- Task objective
Could you reproduce every record below exactly as written?

- Dataset extract
Lemma reservoir_uniform M s S : (0 < M)%N -> (M <= s <= t)%N ->
  reservoir R M s S = uniform_subset M s S.
Proof.
move=> M_gt0 /andP [Ms st]; elim: s Ms st S => [|s IH] Ms st S.
  by move: (leq_trans M_gt0 Ms).
rewrite leq_eqVlt ltnS in Ms; case/orP: Ms => [/eqP Me | Ms].
  by rewrite -Me reservoir_capacity // Me.
rewrite /=; under eq_bigr => S' _ do rewrite (IH Ms (ltnW st)).
exact: reservoir_step_uniform.
Qed.

Lemma reservoir_le_bernoulli M S : (0 < M)%N -> (M <= t)%N ->
  reservoir R M t S <=
  expR 1 * Num.sqrt (M%:R : R) * @bernoulli_sample R t (M%:R / t%:R) S.
Proof.
move=> M_gt0 Mt.
rewrite reservoir_uniform ?Mt ?leqnn // /uniform_subset /prefix_subset.
have -> : arrived t = setT by apply/setP => i; rewrite !inE ltn_ord.
rewrite subsetT andbT /bernoulli_sample; set p : R := M%:R / t%:R.
have p_ge0 : 0 <= p by rewrite divr_ge0.
have p_le1 : p <= 1 by rewrite ler_pdivrMr ?ltr0n ?(leq_trans M_gt0) // mul1r ler_nat.
case: eqVneq => [->|_]; last first.
  by rewrite mul0r !mulr_ge0 ?expR_ge0 ?sqrtr_ge0 ?exprn_ge0 ?subr_ge0.
rewrite mulr1n ler_pdivrMr ?ltr0n ?bin_gt0 //.
have -> : expR 1 * Num.sqrt M%:R * (p ^+ M * (1 - p) ^+ (t - M)) * 'C(t, M)%:R =
    expR 1 * Num.sqrt M%:R * ('C(t, M)%:R * p ^+ M * (1 - p) ^+ (t - M)) by ring.
exact: binomial_mode_ge.
Qed.
End Reservoir.

Theorem lemma4p7 (R : realType) (M t : nat) (f : {set 'I_t} -> bool) :
  (6 <= M)%N -> (M < t)%N ->
  \sum_(S : {set 'I_t} | f S) reservoir R M t S
    <= expR 1 * Num.sqrt (M%:R : R)
       * \sum_(S : {set 'I_t} | f S) @bernoulli_sample R t (M%:R / t%:R : R) S.
Proof.
move=> M_ge6 Mt; rewrite mulr_sumr; apply: ler_sum => S _.
by apply: reservoir_le_bernoulli; [apply: leq_trans M_ge6 | apply: ltnW].
Qed.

- Answer to this problem
Lemma reservoir_uniform M s S : (0 < M)%N -> (M <= s <= t)%N ->
  reservoir R M s S = uniform_subset M s S.
Proof.
move=> M_gt0 /andP [Ms st]; elim: s Ms st S => [|s IH] Ms st S.
  by move: (leq_trans M_gt0 Ms).
rewrite leq_eqVlt ltnS in Ms; case/orP: Ms => [/eqP Me | Ms].
  by rewrite -Me reservoir_capacity // Me.
rewrite /=; under eq_bigr => S' _ do rewrite (IH Ms (ltnW st)).
exact: reservoir_step_uniform.
Qed.

Lemma reservoir_le_bernoulli M S : (0 < M)%N -> (M <= t)%N ->
  reservoir R M t S <=
  expR 1 * Num.sqrt (M%:R : R) * @bernoulli_sample R t (M%:R / t%:R) S.
Proof.
move=> M_gt0 Mt.
rewrite reservoir_uniform ?Mt ?leqnn // /uniform_subset /prefix_subset.
have -> : arrived t = setT by apply/setP => i; rewrite !inE ltn_ord.
rewrite subsetT andbT /bernoulli_sample; set p : R := M%:R / t%:R.
have p_ge0 : 0 <= p by rewrite divr_ge0.
have p_le1 : p <= 1 by rewrite ler_pdivrMr ?ltr0n ?(leq_trans M_gt0) // mul1r ler_nat.
case: eqVneq => [->|_]; last first.
  by rewrite mul0r !mulr_ge0 ?expR_ge0 ?sqrtr_ge0 ?exprn_ge0 ?subr_ge0.
rewrite mulr1n ler_pdivrMr ?ltr0n ?bin_gt0 //.
have -> : expR 1 * Num.sqrt M%:R * (p ^+ M * (1 - p) ^+ (t - M)) * 'C(t, M)%:R =
    expR 1 * Num.sqrt M%:R * ('C(t, M)%:R * p ^+ M * (1 - p) ^+ (t - M)) by ring.
exact: binomial_mode_ge.
Qed.
End Reservoir.

Theorem lemma4p7 (R : realType) (M t : nat) (f : {set 'I_t} -> bool) :
  (6 <= M)%N -> (M < t)%N ->
  \sum_(S : {set 'I_t} | f S) reservoir R M t S
    <= expR 1 * Num.sqrt (M%:R : R)
       * \sum_(S : {set 'I_t} | f S) @bernoulli_sample R t (M%:R / t%:R : R) S.
Proof.
move=> M_ge6 Mt; rewrite mulr_sumr; apply: ler_sum => S _.
by apply: reservoir_le_bernoulli; [apply: leq_trans M_ge6 | apply: ltnW].
Qed.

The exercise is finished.